A general explanation or guide on installing software

If possible, I’d like to have a sort of “once and for all” statement about the best practices with installing third-party software. I’ll start by making all kinds of claims based on my current (flimsy) understanding. Hopefully that will inspire internet hate to tell me how stupid I am, until I have corrected my wrong ideas. :slight_smile: If no such “once and for all” guide to installation is possible, well that will be instructive in its own way.

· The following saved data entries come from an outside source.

Lemma rad_zero U : sub_le U (@zero_set F n) -> Defs.rad rho U = U.
Proof.
move=> U0; apply: vset_ext => [v [] //|v Uv]; split=> // W [W0 _ _ _] _.
by rewrite (U0 v Uv).
Qed.

Lemma relsoc_issub N : issub rho (relsoc rho N).
Proof.
split=> [|u v Hu Hv|c u Hu|a u Hu] X sX NX WX; case: (sX) => X0 XD XZ XM //.
- by apply: XD; [apply: Hu | apply: Hv].
- by apply: XZ; apply: Hu.
- by apply: XM; apply: Hu.
Qed.

Hypothesis uni : uniserial rho.

Lemma minimal_cover N : issub rho N -> ~ (forall v, N v) ->
  exists W, relsimple rho N W /\
    forall X, issub rho X -> (exists v, X v /\ ~ N v) -> sub_le W X.
Proof.
move=> sN /not_all_ex_not [w Nw].
pose P X := issub rho X /\ exists v, X v /\ ~ N v.
have [|W [_ [sW [x [Wx Nx]]] minW]] := @subspace_minimal _ _ P _ (issub_subspace issubT).
  by split=> //; exists w.
have leastW X : issub rho X -> (exists v, X v /\ ~ N v) -> sub_le W X.
  move=> sX NX; case: (uni sW sX) => // XW.
  exact: minW (issub_subspace sX) (conj sX NX) XW.
exists W; split=> //; split=> //.
- by case: (uni sN sW) => // WN; case: Nx; apply: WN.
- by exists x.
move=> X sX NX XW; have [[v [Xv Nv]]|NXv] := classic (exists v, X v /\ ~ N v).
  by right; apply: leastW => //; exists v.
by left=> v Xv; apply: NNPP => Nv; apply: NXv; exists v.
Qed.

Lemma sub_relsoc N : sub_le N (relsoc rho N).
Proof. by move=> v Nv X _ NX _; apply: NX. Qed.

Lemma relsoc_cover N : issub rho N -> ~ (forall v, N v) ->
  relsimple rho N (relsoc rho N) /\
    forall X, issub rho X -> (exists v, X v /\ ~ N v) -> sub_le (relsoc rho N) X.
Proof.
move=> sN nN; have [W [rNW leastW]] := minimal_cover sN nN.
suff -> : relsoc rho N = W by [].
have [sW NW _ _] := rNW.
apply: vset_ext => [v socv|v Wv X _ _ WX]; last exact: WX rNW _ Wv.
apply: socv => // W' rNW'; have [sW' NW' NW'x simpW'] := rNW'.
case: (simpW' W sW NW (leastW W' sW' NW'x)) => // WN.
by case: rNW => _ _ [x [Wx Nx]] _; case: Nx; apply: WN.
Qed.

End Submodules.

Section SocleSeries.
Variables (F : fieldType) (A : falgType F) (n : nat) (rho : A -> 'M[F]_n).
Hypothesis uni : uniserial rho.
Implicit Types (U X : vset F n).
Notation S := (socpow rho).

Lemma socpowS i : S i.+1 = relsoc rho (S i).
Proof. by []. Qed.

Lemma socpow_issub i : issub rho (S i).
Proof. by elim: i => [|i IH]; [exact: issub0 | rewrite socpowS; apply: relsoc_issub]. Qed.

Lemma socpow_mono i j : (i <= j)%N -> sub_le (S i) (S j).
Proof.
move=> /subnK <-; elim: (j - i)%N => [//|k IH] v /IH.
by rewrite addSn socpowS; apply: sub_relsoc.
Qed.

Definition socle_length e :=
  (forall v, S e v) /\ forall j, (j < e)%N -> ~ (forall v, S j v).

Lemma exists_socle_length : exists e, socle_length e.
Proof.
have [i _ stable] := subspace_chain_stable
  (fun i => issub_subspace (socpow_issub i)) (fun i => socpow_mono (leqnSn i)).
have Si : forall v, S i v.
  apply: NNPP => nS; have [[_ _ [v [Sv nSv]] _] _] := relsoc_cover uni (socpow_issub i) nS.
  by apply/nSv/stable.
by have [e [Se mine]] := @ex_least_nat (fun j => forall v, S j v) i Si; exists e.
Qed.

Variable e : nat.
Hypothesis He : socle_length e.

Lemma socpow_whole i : (e <= i)%N -> forall v, S i v.
Proof. by move=> ei v; apply: (socpow_mono ei); case: He. Qed.

Lemma socpow_relsimple i : (i < e)%N -> relsimple rho (S i) (S i.+1).
Proof.
move=> ie; case: He => _ /(_ i ie) nS.
by case: (relsoc_cover uni (socpow_issub i) nS).
Qed.

Lemma socpow_strict i j : (i < j)%N -> (j <= e)%N -> exists v, S j v /\ ~ S i v.
Proof.
move=> ij je; have [_ _ [v [Sv nSv]] _] := socpow_relsimple (leq_trans ij je).
by exists v; split=> //; apply: (socpow_mono ij).
Qed.

Lemma socpow_subset_leq i j : (j <= e)%N -> sub_le (S j) (S i) -> (j <= i)%N.
Proof.
move=> je ji; rewrite leqNgt; apply/negP => ij.
by have [v [Sv nSv]] := socpow_strict ij je; apply/nSv/ji.
Qed.

Lemma socpow_cover i U : issub rho U -> (i < e)%N ->
  sub_le U (S i.+1) -> ~ sub_le U (S i) -> U = S i.+1.
Proof.
move=> sU ie US nUS; have [_ _ _ simp] := socpow_relsimple ie.
have SU : sub_le (S i) U by case: (uni (socpow_issub i) sU) => // US'; case: nUS.
by case: (simp U sU SU US) => // SU'; apply: vset_ext.
Qed.

Lemma issub_socpow U : issub rho U -> exists2 i, (i <= e)%N & U = S i.
Proof.
move=> sU; have Ue : sub_le U (S e) by move=> v _; case: He.
have [[|i] [Ui mini]] := @ex_least_nat (fun i => sub_le U (S i)) e Ue.
  by exists 0%N => //; apply: vset_ext => // v ->; case: sU.
have ie : (i < e)%N.
  by rewrite ltnNge; apply/negP => ei; apply: (mini e) Ue; rewrite ltnS.
exists i.+1 => //; apply: socpow_cover => //; exact: mini.
Qed.

Lemma radpow_socpow l : radpow rho l = S (e - l).
Proof.
elim: l => [|l IH]; first by rewrite subn0; apply: vset_ext => // v _; apply: socpow_whole.
have -> : radpow rho l.+1 = Defs.rad rho (radpow rho l) by [].
rewrite IH subnS; case El: (e - l)%N => [|k] /=; first exact: rad_zero.
have ke : (k < e)%N by rewrite -El leq_subr.
apply: rad_eq (socpow_issub k) (socpow_relsimple ke) _ => X sX XS [v [Sv nXv]].
by apply: NNPP => nXS; apply: nXv; rewrite (socpow_cover sX ke XS nXS).
Qed.

Lemma loewy_length_socle d : loewy_length rho d -> d = e.
Proof.
case=> Jd0 minJ; have [ed|de|//] := ltngtP e d.
  by case: (minJ e ed) => v; rewrite radpow_socpow subnn.
have [v [Sv nS0v]] : exists v, S (e - d) v /\ ~ S 0 v.
  by apply: socpow_strict; rewrite ?subn_gt0 ?leq_subr.
by case: nS0v; apply: Jd0; rewrite radpow_socpow.
Qed.

Lemma socpow_pred_relsimple : (0 < e)%N -> relsimple rho (S e.-1) (fun _ => True).
Proof.
move=> e_gt0; have := @socpow_relsimple e.-1; rewrite ltn_predL prednK // => /(_ e_gt0).
by have -> : S e = (fun _ => True) by apply: vset_ext => // v _; case: He.
Qed.

End SocleSeries.

Section Homomorphisms.
Variables (F : fieldType) (A : falgType F) (n1 n2 : nat).
Variables (rho1 : A -> 'M[F]_n1) (rho2 : A -> 'M[F]_n2).
Implicit Types (f g h : 'M[F]_(n1, n2)) (X Y : vset F n1) (V : vset F n2).

Definition preim f V : vset F n1 := fun v => V (v *m f).
Definition img X f : vset F n2 := fun w => exists v, X v /\ w = v *m f.
Definition range f : vset F n2 := fun w => exists v, w = v *m f.
Definition ker f : vset F n1 := preim f (@zero_set F n2).

Lemma preim_issub f V : is_hom rho1 rho2 f -> issub rho2 V -> issub rho1 (preim f V).
Proof.
move=> hf [V0 VD VZ VM]; split; rewrite /preim.
- by rewrite mul0mx.
- by move=> u v Vu Vv; rewrite mulmxDl; apply: VD.
- by move=> c u Vu; rewrite -scalemxAl; apply: VZ.
- by move=> a u Vu; rewrite -mulmxA hf mulmxA; apply: VM.
Qed.

Lemma img_issub f X : is_hom rho1 rho2 f -> issub rho1 X -> issub rho2 (img X f).
Proof.
move=> hf [X0 XD XZ XM]; split.
- by exists 0; rewrite mul0mx.
- by move=> _ _ [u [Xu ->]] [v [Xv ->]]; exists (u + v); rewrite mulmxDl; split=> //; apply: XD.
- by move=> c _ [u [Xu ->]]; exists (c *: u); rewrite scalemxAl; split=> //; apply: XZ.
- move=> a _ [u [Xu ->]]; exists (u *m rho1 a).
  by rewrite -mulmxA -hf mulmxA; split=> //; apply: XM.
Qed.

Lemma range_img f : range f = img (fun _ => True) f.
Proof. by apply: vset_ext => w [v]; [move=> ->| case=> _ ->]; exists v. Qed.

Lemma range_issub f : is_hom rho1 rho2 f -> issub rho2 (range f).
Proof. by move=> hf; rewrite range_img; apply: img_issub. Qed.

Lemma is_homB f g (c : F) :
  is_hom rho1 rho2 f -> is_hom rho1 rho2 g -> is_hom rho1 rho2 (f - c *: g).
Proof. by move=> hf hg a; rewrite mulmxBr mulmxBl hf -scalemxAr hg scalemxAl. Qed.

Lemma preim_img f Y : issub rho1 Y -> sub_le (ker f) Y -> preim f (img Y f) = Y.
Proof.
move=> [_ YD _ _] kerY; apply: vset_ext => [v [u [Yu Euv]]|v Yv]; last by exists v.
have Yvu : Y (v - u) by apply: kerY; rewrite /ker /preim /zero_set mulmxBl Euv subrr.
by rewrite -(subrK u v); apply: YD.
Qed.

End Homomorphisms.

Lemma schur_closed (F : closedFieldType) (A : falgType F) (n1 n2 : nat)
  (rho1 : A -> 'M[F]_n1) (rho2 : A -> 'M[F]_n2) (X : vset F n1) (U : vset F n2)
  (g h : 'M[F]_(n1, n2)) :
  issub rho1 X -> relsimple rho1 X (fun _ => True) -> issub rho2 U ->
  is_hom rho1 rho2 g -> is_hom rho1 rho2 h -> sub_le (range g) (range h) ->
  (forall v, X v -> U (v *m g)) -> (forall v, X v -> U (v *m h)) ->
  exists c, forall v, U (v *m (g - c *: h)).
Proof.
move=> sX [_ _ [y [_ Xy]] maxX] sU hg hh gh Xg Xh.
have sUs := issub_subspace sU.
have nX : ~ (forall v, X v) by move/(_ y).
have [k [K [k_gt0 decomp indep]]] := subspace_complement (issub_subspace sX) nX.
(* Row i of P expresses g on the i-th basis vector of a complement K of X as h
   of a vector of that complement, modulo U; an eigenvector z of P with
   eigenvalue c then gives z K outside X with (g - c h)(z K) in U. *)
have /fin_all_exists [x Ux] : forall i : 'I_k, exists x : 'rV_k, U (row i K *m g - x *m K *m h).
  move=> i; have [w ->] := gh _ (ex_intro _ (row i K) erefl).
  have [u [x [Xu ->]]] := decomp w.
  by exists x; rewrite mulmxDl addrK; apply: Xh.
pose P := \matrix_(i < k) x i.
have [c /eigenvalueP [z Pz nz]] : exists c, eigenvalue P c.
  have [c Pc] : exists c, root (char_poly P) c.
    by apply/closed_rootP; rewrite size_char_poly eqSS -lt0n.
  by exists c; rewrite eigenvalue_root_char.
exists c.
have Uz : U ((z *m K) *m (g - c *: h)).
  have -> : (z *m K) *m (g - c *: h) = z *m (K *m g - P *m K *m h).
    by rewrite !mulmxBr !mulmxA Pz -!mulmxA -scalemxAl !scalemxAr.
  apply: subspace_mulmx => // i.
  by rewrite linearB /= !row_mul rowK; apply: Ux.
have sZ := preim_issub (is_homB c hg hh) sU.
have XZ : sub_le X (preim (g - c *: h) U).
  move=> v Xv; rewrite /preim mulmxBr -scalemxAr.
  by apply: subspaceB => //; [apply: Xg | case: sUs => _ _ UZ; apply/UZ/Xh].
case: (maxX _ sZ XZ (fun _ _ => I)) => [ZX|ZT v]; last exact: ZT.
by case/eqP: nz; apply: indep; apply: ZX.
Qed.

Section Composition.
Variables (F : fieldType) (A : falgType F) (n1 n2 : nat).
Variables (rho1 : A -> 'M[F]_n1) (rho2 : A -> 'M[F]_n2).
Hypotheses (uni1 : uniserial rho1) (uni2 : uniserial rho2).
Variables (e1 e2 : nat).
Hypotheses (He1 : socle_length rho1 e1) (He2 : socle_length rho2 e2).
Notation T := (socpow rho1).
Notation S := (socpow rho2).
Implicit Types (f : 'M[F]_(n1, n2)).

Lemma preim_socpowS f l i m : is_hom rho1 rho2 f -> (l <= e2)%N -> range f = S l ->
  (i < l)%N -> preim f (S i) = T m -> (m < e1)%N /\ preim f (S i.+1) = T m.+1.
Proof.
move=> hf le2 rf il Pi; have ie2 : (i < e2)%N := leq_trans il le2.
have [k ke1 Pk] := issub_socpow uni1 He1 (preim_issub hf (socpow_issub rho2 i.+1)).
have [w [Sw nSw]] := socpow_strict uni2 He2 (ltnSn i) ie2.
have [v Ew] : range f w by rewrite rf; apply: socpow_mono Sw.
have mk : (m < k)%N.
  rewrite ltnNge; apply/negP => km; apply: nSw; rewrite Ew.
  have Tkv : T k v by rewrite -Pk /preim -Ew.
  by move: (socpow_mono km Tkv); rewrite -Pi.
split; first exact: leq_trans mk ke1.
have TP : sub_le (T m.+1) (preim f (S i.+1)) by rewrite Pk; apply: socpow_mono.
have kerT : sub_le (ker f) (T m.+1).
  move=> u fu0; apply: (socpow_mono (leqnSn m)); rewrite -Pi /preim fu0.
  by case: (socpow_issub rho2 i).
have <- : img (T m.+1) f = S i.+1.
  apply: (socpow_cover uni2 He2 (img_issub hf (socpow_issub rho1 m.+1)) ie2).
    by move=> _ [u [Tu ->]]; apply: TP.
  move=> YS; have : (m.+1 <= m)%N; last by rewrite ltnn.
  apply: (socpow_subset_leq uni1 He1 (leq_trans mk ke1)) => u Tu.
  by rewrite -Pi; apply: YS; exists u.
by apply: preim_img => //; apply: socpow_issub.
Qed.

Lemma preim_socpow f l : is_hom rho1 rho2 f -> (l <= e2)%N -> range f = S l ->
  (l <= e1)%N /\ forall i, (i <= l)%N -> preim f (S i) = T (e1 - l + i).
Proof.
move=> hf le2 rf.
have [j je1 Pj] := issub_socpow uni1 He1 (preim_issub hf (socpow_issub rho2 0)).
have chain i : (i <= l)%N -> (j + i <= e1)%N /\ preim f (S i) = T (j + i).
  elim: i => [_|i IH il]; first by rewrite addn0.
  have [jie1 PS] := preim_socpowS hf le2 rf il (IH (ltnW il)).2.
  by rewrite addnS.
have [jle Pl] := chain l (leqnn l).
have jl : (j + l)%N = e1.
  apply/eqP; rewrite eqn_leq jle leqNgt; apply/negP => lt.
  by case: He1 => _ /(_ _ lt); apply=> v; rewrite -Pl /preim -rf; exists v.
split=> [|i il]; first by rewrite -jl leq_addl.
by rewrite -jl addnK; apply: (chain i il).2.
Qed.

A little background in case it’s helpful to see where I’m coming from:

I have been using Linux for a few years now, initially Ubuntu, then Mint, now PureOS. That sequence probably already tells you I don’t know a whole lot still. I’ve installed various software in various ways, usually by googling “how do you install R on linux” and following whatever results at the top of the search page. This has gotten me into some pretty knotted problems because the instructions were out of date or just plain bad. Sometimes instructions tell you to use a package manager, sometimes they instruct you to install from binaries, sometimes from source code. Sometimes the package manager only gives you out of date versions of the software that you want. Recently I experienced the issue that Java’s JDK is a little TOO new and by trying to run the most recent version of it, it caused Eclipse to stop working. Sometimes one installation method does something “weird” and when you get errors and ask people what’s happening on StackExchange you get a “Sorry, can’t understand what your computer is doing, your installation is weird” even when it was the officially recommended installation method. (I had and frequently have this problem with installations of LaTeX and related IDEs.)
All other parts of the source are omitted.